Gel gelelim Büyük İskender Zülkarnen değildir diyen alimlerin delillerine. Diyorlar ki; ''Büyük İskender şarap içen, zina yapan, hatta lutilik yapan bir karakterdir.'' Az daha zorlasanız: ''başında sarık yok, sakalı yok'' diyecekler. Bunu derken Kuran şeriatine göre 2500 yıl önce yaşamış bir adam hakkında hüküm çıkartıyorlar. Böyle saçmalık mı olur. O halde bu metoda göre en büyük zinâkar Adem ve Havva'nın çocukları olması gerekir. Zira öz kardeşleri ile evlenmiş çocuklar yapmışlardır. Ulen aptal herif, şeriatle tarih mi okunur dangalak. Şeriatperestliğin bizi getirdiği noktaları görüyor musunuz? Onun için din(şeriat) ve bilim birbirinden ayrıdır ve kendi sahalarında kalmak zorundadır. Dinden ilham alırsın, yani kainatı okumanın ahlak kurallarını, ip uçlarını alırsın. Lakin tersini yapamazsın.. Mesela dinden aldığın ahlakla, insanlar üzerinde deney yapmazsın. Fakat yer çekimi formülünü Kuran'da arayıp bulacağım diye vakit harcanmaz. Ya da Kuran'da bu förmül yok diye de inkar edemezsin. Mesela haşa Kuran'ı attığın zaman yere düşüyor. Demek ki kendisi dahi bu formülün içindedir. A dost başını kaldır da nüshanın dışına bir bak. Önünde koskoca bir kainat fetheldimeyi bekler durur.

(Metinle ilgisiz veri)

Lemma prob_exceeds_ge (K : nat) (eps : R) :
  0 < #|[pred ps : runs | valid_run e ps]| ->
  #|[pred ps : runs | valid_run e ps && ~~ exceeds e s0 ps]| * K
     <= #|[pred ps : runs | valid_run e ps]| ->
  Rlt 1 (Rmult eps (INR K)) ->
  Rle (Rminus 1 eps) (prob_exceeds e s0 T).
Proof.
rewrite /prob_exceeds.
set tot := #|[pred ps : runs | valid_run e ps]|.
set bad := #|[pred ps : runs | valid_run e ps && ~~ exceeds e s0 ps]|.
set good := #|[pred ps : runs | valid_run e ps && exceeds e s0 ps]|.
move=> tot_gt0 bad_le epsK_gt1.
have split_tot : good + bad = tot.
  apply: etrans (cardID [pred ps : runs | exceeds e s0 ps] [pred ps : runs | valid_run e ps]).
  by congr (_ + _); apply: eq_card => ps; rewrite !inE // andbC.
have totR : INR tot = Rplus (INR good) (INR bad) by rewrite -split_tot plus_INR.
have tot_pos : Rlt 0 (INR tot) by apply: lt_0_INR; apply/ltP.
have badK : Rle (Rmult (INR bad) (INR K)) (INR tot) by rewrite -mult_INR; apply/le_INR/leP.
have := pos_INR bad; have := pos_INR K => K_ge0 bad_ge0.
have bad_le_eps : Rle (INR bad) (Rmult eps (INR tot)) by nra.
apply: (Rmult_le_reg_r (INR tot)) => //.
rewrite /Rdiv Rmult_assoc Rinv_l; last lra.
nra.
Qed.

End ProbabilityBound.

Theorem mainTheorem8 (c : color) (hc : colored c) :
  forall eps : R, Rlt 0 eps ->
  exists N : nat, forall n : nat,
    (4 <= n)%N -> ~~ odd n -> (N <= n)%N ->
    Rle (Rminus 1 eps) (prob_exceeds (gedge n) (init n c) (threshold n)).
Proof.
move=> eps eps_gt0; have [K K_gt] := INR_unbounded (Rinv eps).
exists (256 * K ^ 4) => n n_ge4 n_even n_large.
set m := n./2; set T := threshold n.
have n_double : n = m + m.
  by rewrite addnn -[n in LHS]odd_double_half (negbTE n_even).
have lt1m : 1 < m by lia.
have m_gt0 := ltnW lt1m.
apply: (@prob_exceeds_ge _ _ _ _ K).
- by rewrite card_valid_runs // !expn_gt0 m_gt0.
- have bad_le := card_unexceeded_runs_le T n_double m_gt0 hc.
  have miss_le := expn_all_hit_le T lt1m.
  have j_small := threshold_div_le n_double lt1m.
  rewrite -/T n_double in j_small; rewrite n_double in n_large.
  have scale := scaled_expn2_le n_large j_small.
  rewrite card_valid_runs //; exact: mul_le_of_ratio m_gt0 bad_le miss_le scale.
- have := Rmult_lt_compat_l eps _ _ eps_gt0 K_gt.
  by rewrite Rinv_r; lra.
Qed.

Nedensellik çok önemlidir. Bu terk edildiği anda iflas ve çürüme başlar. İmam-ı Gazali'yi çok sever sayarım ama ümmete attığı ''nedensellik'' kazığı yüzünden hala kı..mızı doğrultamıyoruz. Diyor ki; ''akıl Allah'ı bulmak için vardır. Bulduktan sonra artık kullanmaya lüzum yoktur''. Müthiş bir kazıktır bu. Böyle bir şey olabilir mi ya hu?
Hey yavrum hey, her gelen bir kazık çakmış gitmiş bu ümmete.